Nov. 30, 2018 8:30 AM – 6:00 PM, University of Oslo, Domus Academica, Theologisk eksamenssal.

olav-stromme_dod-blomst.jpg
Olav Strømme, «Død blomst», 1935. Foto: Richard Jeffries ©Munchmuseet

Surrealism is without question one of the most influential and mutating intellectual and aesthetic practices emerging from the twentieth century. But “when” was Surrealism and “where” was Surrealism?

The movement was codified in Paris in the 1920s and ’30s with André Breton’s Manifesto of Surrealism (1924) as its foundational marker. For Breton, a revolutionary condition of Surrealism was its internationalism. Its participants held a wide range of nationalities; and throughout the 1930s, with Paris as a node, it appeared as an artistic and cultural movement on every continent due to the applicability of its revolutionary ideals and artistic practices to a variety of political and cultural circumstances. As a global movement it is often measured against, or understood within, the evolving thinking and artistic strategies of Parisian Surrealism. Recent studies have called attention to the culturally specific practices that constitute Surrealism as a global movement, drawing attention to more complex narratives within a multitude of manifestations and activities, challenging the canonical notion of Parisian Surrealism.

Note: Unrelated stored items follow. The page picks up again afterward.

(* Let $f:[0,1]\to[0,1]$ be a continuous surjective function that does not admit a splitting sequence. If $f$ admits a 2-cycle $\{s,t\}$ with $s\in\{0,1\}$, then $(s,t,s,t,\dots)$ and $(t,s,t,s,\dots)$ are endpoints of $\varprojlim f$.
   Context: $\varprojlim f=\{\mathbf x=(x_0,x_1,\dots)\in[0,1]^{\mathbb N}: f(x_{n+1})=x_n\ \forall n\}$ with the product topology. A point $p$ of a continuum $X$ is an endpoint of $X$ if for any two subcontinua $A,B$ of $X$ containing $p$, $A\subseteq B$ or $B\subseteq A$. A 2-cycle is a set $\{s,t\}$ with $s\ne t$, $f(s)=t$, $f(t)=s$. A sequence $(T_n)_{n\in\mathbb N}$ of closed intervals $T_n\subsetneq[0,1]$ (possibly degenerate) is tight if $f(T_{n+1})=T_n$ for every $n$ and $T_n$ is nondegenerate for all sufficiently large $n$. A tight sequence $(T_n)$, $T_n=[l_n,r_n]$, is a splitting sequence admitted by $f$ if there are an infinite set $N\subseteq\mathbb N$ and nondegenerate closed intervals $S_n\subseteq[0,1]$ ($n\in N$) with $S_n\cap T_n\subseteq\{l_n,r_n\}$ and $f(S_n)=f(T_n)$ for all $n\in N$. *)

From HB Require Import structures.
From mathcomp Require Import all_boot all_order all_algebra.
From mathcomp Require Import all_classical all_reals all_analysis.
Set Implicit Arguments. Unset Strict Implicit. Unset Printing Implicit Defensive.
Import Order.TTheory GRing.Theory Num.Theory numFieldTopology.Exports numFieldNormedType.Exports.
Local Open Scope classical_set_scope.
Local Open Scope ring_scope.

(* The ambient space [0,1]^N is modelled inside R^N = nat -> R with the
   product (pointwise) topology {ptws nat -> R}. *)
Notation seqspace R := {ptws nat -> R}.

Definition invlim (R : realType) (f : R -> R) : set (seqspace R) :=
  [set x | (forall n, x n \in `[0, 1]) /\ (forall n, f (x n.+1) = x n)].

(* a subcontinuum of X : nonempty compact connected subset of X
   (the ambient space is Hausdorff, so compact = closed in X) *)
Definition subcontinuum (R : realType) (X A : set (seqspace R)) : Prop :=
  A `<=` X /\ A !=set0 /\ compact A /\ connected A.

Definition is_endpoint (R : realType) (X : set (seqspace R)) (p : seqspace R) : Prop :=
  X p /\
  forall A B, subcontinuum X A -> subcontinuum X B -> A p -> B p ->
    A `<=` B \/ B `<=` A.

Definition tight (R : realType) (f : R -> R) (l r : nat -> R) : Prop :=
  (forall n, 0 <= l n /\ l n <= r n /\ r n <= 1) /\
  (forall n, [set` `[l n, r n]] != [set` `[0, 1]] :> set R) /\
  (forall n, f @` [set` `[l n.+1, r n.+1]] = [set` `[l n, r n]]) /\
  (exists N, forall n, (N <= n)%N -> l n < r n).

Definition splitting_sequence (R : realType) (f : R -> R) (l r : nat -> R) : Prop :=
  tight f l r /\
  exists (N : set nat) (a b : nat -> R),
    (forall m, exists n, (m <= n)%N /\ N n) /\
    (forall n, N n ->
       0 <= a n /\ a n < b n /\ b n <= 1 /\
       [set` `[a n, b n]] `&` [set` `[l n, r n]] `<=` [set l n; r n] /\
       f @` [set` `[a n, b n]] = f @` [set` `[l n, r n]]).

Definition admits_splitting (R : realType) (f : R -> R) : Prop :=
  exists l r : nat -> R, splitting_sequence f l r.

Definition alt_seq (R : realType) (u v : R) : seqspace R :=
  fun n => if odd n then v else u.

From HB Require Import structures.
From mathcomp Require Import all_boot all_order all_algebra.
From mathcomp Require Import all_classical all_reals all_analysis.
Set Implicit Arguments. Unset Strict Implicit. Unset Printing Implicit Defensive.
Import Order.TTheory GRing.Theory Num.Theory numFieldTopology.Exports numFieldNormedType.Exports.
Local Open Scope classical_set_scope.
Local Open Scope ring_scope.

(* A point p of the inverse limit with p_n in {0, 1} for infinitely
   many n is always an endpoint.  The n-th projection of a subcontinuum is a
   subinterval of [0,1]; two such intervals both containing the extreme point
   p_n are nested.  Since x_j = f^(k-j)(x_k) on threads, nesting of the k-th
   projections propagates to all j <= k, so of two subcontinua through p one
   has all its projections inside those of the other, and closedness then
   gives inclusion of the subcontinua themselves.  The alternating sequences
   of a 2-cycle through 0 or 1 visit that point at every other coordinate. *)

Section Threads.
Variables (T : Type) (f : T -> T).

Definition thread : set (nat -> T) := [set x | forall n, f (x n.+1) = x n].

Lemma thread_eq_le (x y : nat -> T) j k :
  thread x -> thread y -> (j <= k)%N -> x k = y k -> x j = y j.
Proof.
move=> hx hy /subnK <-; elim: (k - j)%N => // d IH e.
by apply: IH; rewrite -hx -hy -addSn e.
Qed.

Lemma coord_image_subset_le (A B : set (nat -> T)) j k :
  A `<=` thread -> B `<=` thread -> (j <= k)%N ->
  [set x k | x in A] `<=` [set x k | x in B] ->
  [set x j | x in A] `<=` [set x j | x in B].
Proof.
move=> Athr Bthr jk AkB _ [x Ax <-].
have [y By yx] : [set x k | x in B] (x k) by apply: AkB; exists x.
by exists y => //; apply: thread_eq_le yx; [apply: Bthr|apply: Athr|].
Qed.

End Threads.

Lemma closed_prefix_approx (T : uniformType) (B : set {ptws nat -> T})
    (x : {ptws nat -> T}) :
  closed B -> (forall m, exists y, B y /\ forall j, (j <= m)%N -> y j = x j) ->
  B x.
Proof.
move=> cB /choice[y /all_and2[By yx]].
apply: (@closed_cvg _ _ \oo _ y B cB); first exact: nearW.
apply/pointwise_cvgP => j.
apply: (@cvg_near_cst _ _ (x j) (fun m => y m j)); near=> m; apply: yx; near: m.
by exists j.
Unshelve. all: by end_near.
Qed.

Lemma thread_subset_of_coord_image_subset (T : uniformType) (f : T -> T)
    (A B : set {ptws nat -> T}) :
  A `<=` thread f -> B `<=` thread f -> closed B ->
  (forall m, exists2 n, (m <= n)%N & [set x n | x in A] `<=` [set x n | x in B]) ->
  A `<=` B.
Proof.
move=> Athr Bthr cB AnB x Ax; apply: closed_prefix_approx cB _ => m.
have [n mn /(_ (x n))[|y By yx]] := AnB m; first by exists x.
exists y; split=> // j jm.
by apply: thread_eq_le yx; [apply: Bthr|apply: Athr|apply: leq_trans mn].
Qed.

Section Reals.
Variable R : realType.

Lemma is_interval_coord_image (A : set (seqspace R)) n :
  connected A -> is_interval [set x n | x in A].
Proof.
move=> cA; apply/connected_intervalP; apply: connected_continuous_connected => //.
by apply: continuous_subspaceT => x; apply: proj_continuous.
Qed.

Lemma interval_nested_at_extremum (C D : set R) s :
  is_interval C -> is_interval D -> C s -> D s ->
  (forall c, (C `|` D) c -> s <= c) \/ (forall c, (C `|` D) c -> c <= s) ->
  C `<=` D \/ D `<=` C.
Proof.
move=> iC iD Cs Ds ext.
have [CD|/existsNP[u /not_implyP[Cu Du]]] := pselect (C `<=` D); first by left.
right=> v Dv; apply: contrapT => Cv.
have CDu : (C `|` D) u by left.
have CDv : (C `|` D) v by right.
case: ext => [smin|smax]; case: (leP u v) => uv.
- by apply: Du; apply: (iD s v) => //; rewrite smin.
- by apply: Cv; apply: (iC s u) => //; rewrite smin //= ltW.
- by apply: Cv; apply: (iC u s) => //; rewrite uv smax.
- by apply: Du; apply: (iD v s) => //; rewrite ltW //= smax.
Qed.

Lemma invlim_endpoint (f : R -> R) (p : seqspace R) :
  invlim f p -> (forall m, exists2 n, (m <= n)%N & (p n = 0 \/ p n = 1)) ->
  is_endpoint (invlim f) p.
Proof.
move=> ip p01; split=> // A B [AX [_ [cA conA]]] [BX [_ [cB conB]]] Ap Bp.
have Athr : A `<=` thread f by move=> x /AX[].
have Bthr : B `<=` thread f by move=> x /BX[].
have coord01 (X : set (seqspace R)) : X `<=` invlim f ->
    forall n c, [set x n | x in X] c -> 0 <= c <= 1.
  by move=> Xinv n _ [x /Xinv[x01 _] <-]; have := x01 n; rewrite in_itv.
have [A01 B01] := (coord01 A AX, coord01 B BX).
have nested n : p n = 0 \/ p n = 1 ->
    [set x n | x in A] `<=` [set x n | x in B] \/
    [set x n | x in B] `<=` [set x n | x in A].
  move=> pn; apply: (interval_nested_at_extremum (s := p n));
    [exact: is_interval_coord_image|exact: is_interval_coord_image
    |by exists p|by exists p|].
  by case: pn => ->; [left|right] => c [/A01|/B01] /andP[].
have closed_of (X : set (seqspace R)) : compact X -> closed X.
  by apply: compact_closed; apply: hausdorff_product => _; apply: Rhausdorff.
have [AB|/existsNP[n0 nAB]] :=
    pselect (forall n, [set x n | x in A] `<=` [set x n | x in B]).
  left; apply: (thread_subset_of_coord_image_subset Athr Bthr (closed_of _ cB)).
  by move=> m; exists m.
right; apply: (thread_subset_of_coord_image_subset Bthr Athr (closed_of _ cA)).
move=> m; have [n] := p01 (maxn m n0); rewrite geq_max => /andP[mn n0n] pn.
exists n => //; case: (nested n pn) => // AnB.
by case: nAB; apply: (coord_image_subset_le Athr Bthr n0n).
Qed.

Lemma alt_seq_invlim (f : R -> R) u v :
  u \in `[0, 1] -> v \in `[0, 1] -> f u = v -> f v = u -> invlim f (alt_seq u v).
Proof. by move=> u01 v01 fu fv; split=> n; rewrite /alt_seq //=; case: odd. Qed.

Lemma alt_seq_often (u v : R) m :
  (exists2 n, (m <= n)%N & alt_seq u v n = u) /\
  (exists2 n, (m <= n)%N & alt_seq u v n = v).
Proof.
have le_double : (m <= m.*2)%N by rewrite -addnn leq_addr.
split; [exists m.*2|exists m.*2.+1]; rewrite /alt_seq /= ?odd_double //.
exact: leqW.
Qed.

End Reals.

Theorem lemma3p20 (R : realType) (f : R -> R) (s t : R) :
  {within [set` `[0, 1]], continuous f} ->
  f @` [set` `[0, 1]] = [set` `[0, 1]] ->
  ~ admits_splitting f ->
  s != t -> f s = t -> f t = s -> (s = 0 \/ s = 1) ->
  is_endpoint (invlim f) (alt_seq s t) /\ is_endpoint (invlim f) (alt_seq t s).
Proof.
move=> _ f_onto _ _ fs ft s01.
have s_in : s \in `[0, 1] by case: s01 => ->; rewrite in_itv /= lexx ler01.
have t_in : t \in `[0, 1] by have : [set` `[0, 1]] t by rewrite -f_onto; exists s.
split; apply: invlim_endpoint; try exact: alt_seq_invlim.
- by move=> m; have [[n mn sn] _] := alt_seq_often s t m; exists n => //; rewrite sn.
- by move=> m; have [_ [n mn sn]] := alt_seq_often t s m; exists n => //; rewrite sn.
Qed.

What were the specific entanglements of Surrealism and Scandinavia? For example, in a neglected passage of the First Manifesto of Surrealism (1924), André Breton paid homage to Knut Hamsun. Quoting at length from his novel Hunger (1890), Breton attributed the notion of automatic delirium to the Norwegian author, thus championing his prose as a quintessential precursor to Surrealism. In 1894 August Strindberg, whom Breton in Arcane 17 (1944) proclaimed to belong to a lineage of prominent revolutionary thinkers, published an essay in the Parisian magazine La revue des revues, declaring the need for a new art through the application of chance in artistic creation. In 1934, Vilhelm Bjerke-Petersen declared the need for a Surrealist revolution in Scandinavia, and a number of artists joined the movement, organizing talks and exhibitions, publishing books and periodicals as well as adapting Surrealist strategies into their own practices.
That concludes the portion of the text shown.